Алданов стремится в конечном счете показать, что <…> Достоевский – прежде всего исключение, он стоит особняком, эту мысль он наиболее веско аргументирует в статье, адресованной американским читателям и задуманной как вступление к антологии русской прозы. Здесь он подчеркивает, что Достоевский отошел от традиций великой русской прозы в первую очередь потому, что он не является писателем-реалистом. Его всегда привлекало все странное, необычное (Алданов употребляет слово unusual), в то время как русская литература всегда тяготела к простоте…
<…>
Действительно, русская литература за некоторыми исключениями (Достоевский) не слишком любила все unusual, особенно же все условное и театральное.
Отход Достоевского от традиций Алданов видел и в призыве к войне, так как русская литература является, по его словам, «наименее империалистической» и самой миролюбивой из всех литератур. Не вызывает сомнений и то, что они придерживались диаметрально противоположных взглядов на проблему Константинополя, и что Алданов очень не любил «Дневник писателя». Главное же заключалось в том, что Достоевский был абсолютно чужд принципам «красоты-добра» («kaloskagathos»), которым служит, по мнению Алданова, вся русская литература:
«Я утверждаю, что почти все лучшее в русской культуре всегда служило идее «красоты-добра» <…> самые замечательные мыслители России (конечно, не одной России) в своем творчестве руководились именно добром и красотой. В русском же искусстве эти ценности часто и тесно перекрещивались с идеями судьбы и случая. И я нахожу, что это в сто раз лучше всех «бескрайностей» и «безмерностей», которых в русской культуре, к счастью, почти нет и никогда не было, – или же во всяком случае было не больше, чем на Западе.
<…>
Человеку подлинной веры, Достоевскому, принадлежат “Записки из подполья”, книга нигилистическая – и самая нерусская во всей русской литературе, нерусская прежде всего по полному отсутствию “красоты-добра”»296.

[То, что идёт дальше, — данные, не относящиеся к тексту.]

Lemma sample_cell_eq j v : sample_cell j v -> v = zeta j.
Proof.
rewrite /sample_cell /sample_rep /=; case: pickP => // j0 zj0 [<-].
by case: arg_minP => // k /asboolP.
Qed.

Lemma sample_repP i : exists2 j, sample_cell j (zeta i) & s j <= s i.
Proof.
rewrite /sample_cell /sample_rep /=.
case: pickP => [j0 zj0|/(_ i)]; last by rewrite asboolT.
by eexists; first by []; case: arg_minP => // k _; apply; exact/asboolP.
Qed.

Lemma sample_cell_inj i j v : sample_cell i v -> sample_cell j v -> i = j.
Proof. by rewrite /sample_cell /= => -> []. Qed.

Lemma measurable_sample_cell j :
  (forall i, measurable [set zeta i]) -> measurable (sample_cell j).
Proof.
move=> msample; have [cj|ncj] := pselect (sample_cell j (zeta j)).
  suff -> : sample_cell j = [set zeta j] by [].
  by apply/seteqP; split => v; [exact: sample_cell_eq | move=> ->].
suff -> : sample_cell j = set0 by [].
by apply/seteqP; split => v // /[dup] /sample_cell_eq -> /ncj.
Qed.

Lemma sum_sample_cells :
  \sum_(j < N) s j * ((N%:R)^-1 * \sum_(i < N) \1_(sample_cell j) (zeta i))
  <= (N%:R)^-1 * \sum_(i < N) s i.
Proof.
under eq_bigr do rewrite mulrCA mulr_sumr.
rewrite -mulr_sumr exchange_big /= ler_wpM2l // ?invr_ge0 //.
apply: ler_sum => i _; have [j cell_j s_j] := sample_repP i.
rewrite (bigD1 j) //= big1 ?addr0 => [|k kj]; first by rewrite indicE mem_set ?mulr1.
rewrite indicE memNset ?mulr0 // => cell_k.
by move/eqP: kj; apply; exact: sample_cell_inj cell_k cell_j.
Qed.

End SampleCells.

(* No measurability of [g] is needed: the integral of a nonnegative function is
   a supremum over the simple functions below it. *)
Lemma ge0_le_integralT {d : measure_display} {X : measurableType d} {R : realType}
    (mu : {measure set X -> \bar R}) (f g : X -> \bar R) :
  (forall x, (0 <= f x)%E) -> (forall x, (f x <= g x)%E) ->
  (\int[mu]_x f x <= \int[mu]_x g x)%E.
Proof.
move=> f0 fg; have g0 x : (0 <= g x)%E := le_trans (f0 x) (fg x).
rewrite !ge0_integralTE //; apply: le_ereal_sup => _ [k kf <-].
by exists k => //= x; exact: le_trans (kf x) (fg x).
Qed.

Lemma ge0_le_integral_scale {d : measure_display} {X : measurableType d}
    {R : realType} (mu : {measure set X -> \bar R}) {f g : X -> R} {k : R} :
  measurable_fun setT f -> 0 <= k -> (forall x, 0 <= f x) ->
  (forall x, f x <= k * g x) ->
  (\int[mu]_x (f x)%:E <= k%:E * \int[mu]_x (g x)%:E)%E.
Proof.
move=> mf k0 f0 fg; have [k_eq0|k_neq0] := eqVneq k 0.
  rewrite k_eq0 mul0e -(integral0 mu setT); apply: ge0_le_integralT => x.
    by rewrite lee_fin.
  by rewrite lee_fin -(mul0r (g x)) -k_eq0.
have k_gt0 : 0 < k by rewrite lt_neqAle eq_sym k_neq0.
have fE : (fun x => (f x)%:E) = (fun x => k%:E * (k^-1 * f x)%:E)%E.
  by apply/funext => x; rewrite -EFinM mulrA mulfV // mul1r.
rewrite fE ge0_integralZl_EFin //; first last.
- by apply/measurable_EFinP/measurable_funM => //; exact: measurable_cst.
- by move=> x _; rewrite lee_fin mulr_ge0 ?invr_ge0 // ltW.
rewrite lee_pmul2l ?lte_fin //; apply: ge0_le_integralT => x.
  by rewrite lee_fin mulr_ge0 ?invr_ge0 // ltW.
by rewrite lee_fin ler_pdivrMl.
Qed.

Section EmpiricalCoupling.
Context {d : measure_display} {X : measurableType d} {R : realType} {N : nat}.
Variables (zeta : 'I_N -> X) (s : 'I_N -> R) (pi : probability (X * X)%type R).
Variables (c : X -> X -> R) (lam w : R) (D : set X).
Hypotheses (s_ge0 : forall i, 0 <= s i) (lam_ge0 : 0 <= lam).
Hypothesis c_ge0 : forall u v, 0 <= c u v.
Hypothesis measurable_sample : forall i, measurable [set zeta i].
Hypothesis mD : measurable D.
Hypothesis pi_snd : forall B, measurable B ->
  pi (setT `*` B) = ((N%:R)^-1 * \sum_(i < N) \1_B (zeta i))%:E.
Hypothesis pi_cost : (\int[pi]_p (c p.1 p.2)%:E)%E = w%:E.
Hypothesis cost_bound : forall xi i, D xi -> 1 - s i <= lam * c xi (zeta i).

Let cell := sample_cell zeta s.
Let pr (E : set (X * X)) := fine (pi E).

Let mcell j : measurable (cell j).
Proof. exact: measurable_sample_cell. Qed.

Let prE E : measurable E -> pi E = (pr E)%:E.
Proof. by move=> mE; rewrite fineK // fin_num_measure. Qed.

Lemma coupling_le_sum_cells : pr (D `*` setT) <= \sum_(j < N) pr (D `*` cell j).
Proof.
pose supp := \big[setU/set0]_(j < N) cell j.
have msupp : measurable supp by apply: bigsetU_measurable => j _; exact: mcell.
have null : pi (setT `*` ~` supp) = 0%E.
  rewrite pi_snd; last exact: measurableC.
  rewrite big1 ?mulr0 // => i _; rewrite indicE memNset // => /=.
  by have [j cj _] := sample_repP zeta s i; apply; apply/bigsetU_ordP; exists j.
have cover :
    D `*` setT `<=` \big[setU/set0]_(j < N) (D `*` cell j) `|` setT `*` ~` supp.
  move=> [xi v] [/= Dxi _]; have [/bigsetU_ordP[j cj]|nsupp] := pselect (supp v).
    by left; apply/bigsetU_ordP; exists j.
  by right.
have mcells : measurable (\big[setU/set0]_(j < N) (D `*` cell j)).
  by apply: bigsetU_measurable => j _; exact: measurableX mD (mcell j).
rewrite -lee_fin -sumEFin -prE; last exact: measurableX.
apply: le_trans (le_measure _ _ _ cover) _; rewrite ?inE.
- exact: measurableX.
- by apply: measurableU => //; apply: measurableX => //; exact: measurableC.
apply: le_trans (measureU2 _ _ _) _ => //.
  by apply: measurableX => //; exact: measurableC.
rewrite [X in (_ + X)%E]null adde0 measure_bigsetU_ord.
- by apply: lee_sum => j _; rewrite -prE //; exact: measurableX mD (mcell j).
- by move=> j; exact: measurableX mD (mcell j).
- by move=> i j _ _ [[xi v] [[_ ci] [_ cj]]]; exact: sample_cell_inj ci cj.
Qed.

Lemma sum_cells_transport :
  \sum_(j < N) Num.max (1 - s j) 0 * pr (D `*` cell j) <= lam * w.
Proof.
pose f p := \sum_(j < N) Num.max (1 - s j) 0 * \1_(D `*` cell j) p.
have max_ge0 j : 0 <= Num.max (1 - s j) 0 by rewrite le_max lexx orbT.
have f_ge0 p : 0 <= f p.
  by apply: sumr_ge0 => j _; rewrite mulr_ge0.
have mf : measurable_fun setT f.
  apply: measurable_sum => j; apply: measurable_funM; first exact: measurable_cst.
  exact: measurable_indic (measurableX mD (mcell j)).
have f_le p : f p <= lam * c p.1 p.2.
  have [[j Dcj]|nocell] := pselect (exists j, (D `*` cell j) p).
    rewrite /f (bigD1 j) //= big1 ?addr0 => [|k kj]; last first.
      rewrite indicE memNset ?mulr0 // => -[_ ck]; move: Dcj => [_ cj].
      by move/eqP: kj; apply; exact: sample_cell_inj ck cj.
    rewrite indicE mem_set // mulr1.
    case: p Dcj => xi v [/= Dxi /sample_cell_eq ->].
    by rewrite ge_max cost_bound //= mulr_ge0.
  rewrite /f big1 => [|j _]; first by rewrite mulr_ge0.
  by rewrite indicE memNset ?mulr0 // => Dcj; apply: nocell; exists j.
have := ge0_le_integral_scale pi mf lam_ge0 f_ge0 f_le; rewrite pi_cost -EFinM.
under eq_integral do rewrite /f -sumEFin.
rewrite ge0_integral_sum //; first last.
- by move=> j p _; rewrite lee_fin mulr_ge0.
- move=> j; apply/measurable_EFinP/measurable_funM; first exact: measurable_cst.
  exact: measurable_indic (measurableX mD (mcell j)).
have int_term j :
    (\int[pi]_p (Num.max (1 - s j) 0 * \1_(D `*` cell j) p)%:E =
     (Num.max (1 - s j) 0 * pr (D `*` cell j))%:E)%E.
  under eq_integral do rewrite EFinM.
  rewrite ge0_integralZl_EFin //.
  - have mE := measurableX mD (mcell j).
    by rewrite integral_indic // setIT EFinM -prE.
  - apply/measurable_EFinP; exact: measurable_indic (measurableX mD (mcell j)).
by rewrite (eq_bigr _ (fun j _ => int_term j)) sumEFin lee_fin.
Qed.

Lemma sum_cells_sample :
  \sum_(j < N) s j * pr (setT `*` cell j) <= (N%:R)^-1 * \sum_(i < N) s i.
Proof.
by under eq_bigr => j _ do rewrite /pr pi_snd //=; exact: sum_sample_cells.
Qed.

Lemma coupling_bound : pr (D `*` setT) <= lam * w + (N%:R)^-1 * \sum_(i < N) s i.
Proof.
apply: le_trans coupling_le_sum_cells _.
apply: le_trans (lerD sum_cells_transport sum_cells_sample); rewrite -big_split.
apply: ler_sum => j _ /=; have mE := measurableX mD (mcell j).
have pr_ge0 : 0 <= pr (D `*` cell j) by rewrite -lee_fin -prE.
have pr_le : pr (D `*` cell j) <= pr (setT `*` cell j).
  rewrite -lee_fin -!prE //; last exact: measurableX.
  by apply: le_measure; rewrite ?inE //; [exact: measurableX | move=> [] /= ? ? []].
(* p <= (1 - s_j)^+ p + s_j q whenever 0 <= p <= q *)
by have := s_ge0 j; case: (leP (1 - s j) 0) => ? ?; nra.
Qed.

End EmpiricalCoupling.

Lemma le_affine_ereal_inf {R : realType} {E : set (\bar R)} {lam delta c b : R} :
  (forall e, E e -> (0 <= e)%E) -> (ereal_inf E <= delta%:E)%E -> 0 <= lam ->
  (forall w, E w%:E -> b <= lam * w + c) -> b <= lam * delta + c.
Proof.
move=> E_ge0 infE lam0 Eb; apply/ler_addgt0Pr => e e0.
have lam1 : 0 < lam + 1 by rewrite ltr_wpDl.
have eta0 : 0 < e / (lam + 1) by rewrite divr_gt0.
have lam_eta : lam * (e / (lam + 1)) <= e.
  by rewrite mulrA ler_pdivrMr //; nra.
have /ereal_inf_lt[[w| |] Ew w_lt] :
    (ereal_inf E < (delta + e / (lam + 1))%:E)%E.
- by apply: le_lt_trans infE _; rewrite lte_fin ltrDl.
- move: w_lt; rewrite lte_fin => w_lt.
  apply: le_trans (Eb w Ew) _; have := ler_wpM2l lam0 (ltW w_lt); nra.
- by [].
- by have := E_ge0 _ Ew.
Qed.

Алданов, как видим, <…> скорее, подозревает автора в тщеславном стремлении выдумать ни на кого не похожего в силу своей «безмерности» героя. Достоевского в то же время нельзя отнести и к тем авторам, чье творчество с наибольшей полнотой отразило русскую культуру, так как выдвигаемые им идеи не являются специфически русскими, полагает Алданов. Он ссылается на три идеи Достоевского, находя им аналоги в более ранней западной литературе: «Да и “все позволено” идея старая, как мир и нисколько не русская и не славянская. Она встречается у многих западных мыслителей, она есть “Fay се que voudras” Рабле. Если позволите и тут маленькое отступление в сторону, решусь сказать (как это ни страшно), что таковы и некоторые другие откровения Достоевского, – говорю о нем здесь, конечно, только как о мыслителе. В “Бесах” Кириллов говорит: “Если нет Бога, то я Бог”, – и об этих его словах у нас чуть не трактаты написаны. Между тем в одном из самых знаменитых своих произведений Декарт <…> допускает на мгновенье гипотезу: что, если Бога нет? Какой вывод в этом случае надо было сделать? Его ответ: в этом случае – я – Бог, “Je suis Dieu”» <…>
Даже столь ценимое Достоевским «покаяние» по справедливому замечанию Алданова в «Ульмской ночи», не есть «идея русская», а, в первую очередь, общехристианская:
«вспомните также дона Бальтазара в “Le Cloitre”297 Верхарна. Берусь назвать еще десять примеров. Тот, кого почитают за границей истинно русским писателем, незаконно присвоил себе это звание. А если в России когда-либо и был литератор, отразивший “максимализм”, то это скорее Толстой, чем Достоевский».<Также категорично Алданов> всегда отказывал автору «Бесов» в предвидении русской революции:
«В минуты мрачного вдохновенья зародилась эта книга в злобном уме Достоевского.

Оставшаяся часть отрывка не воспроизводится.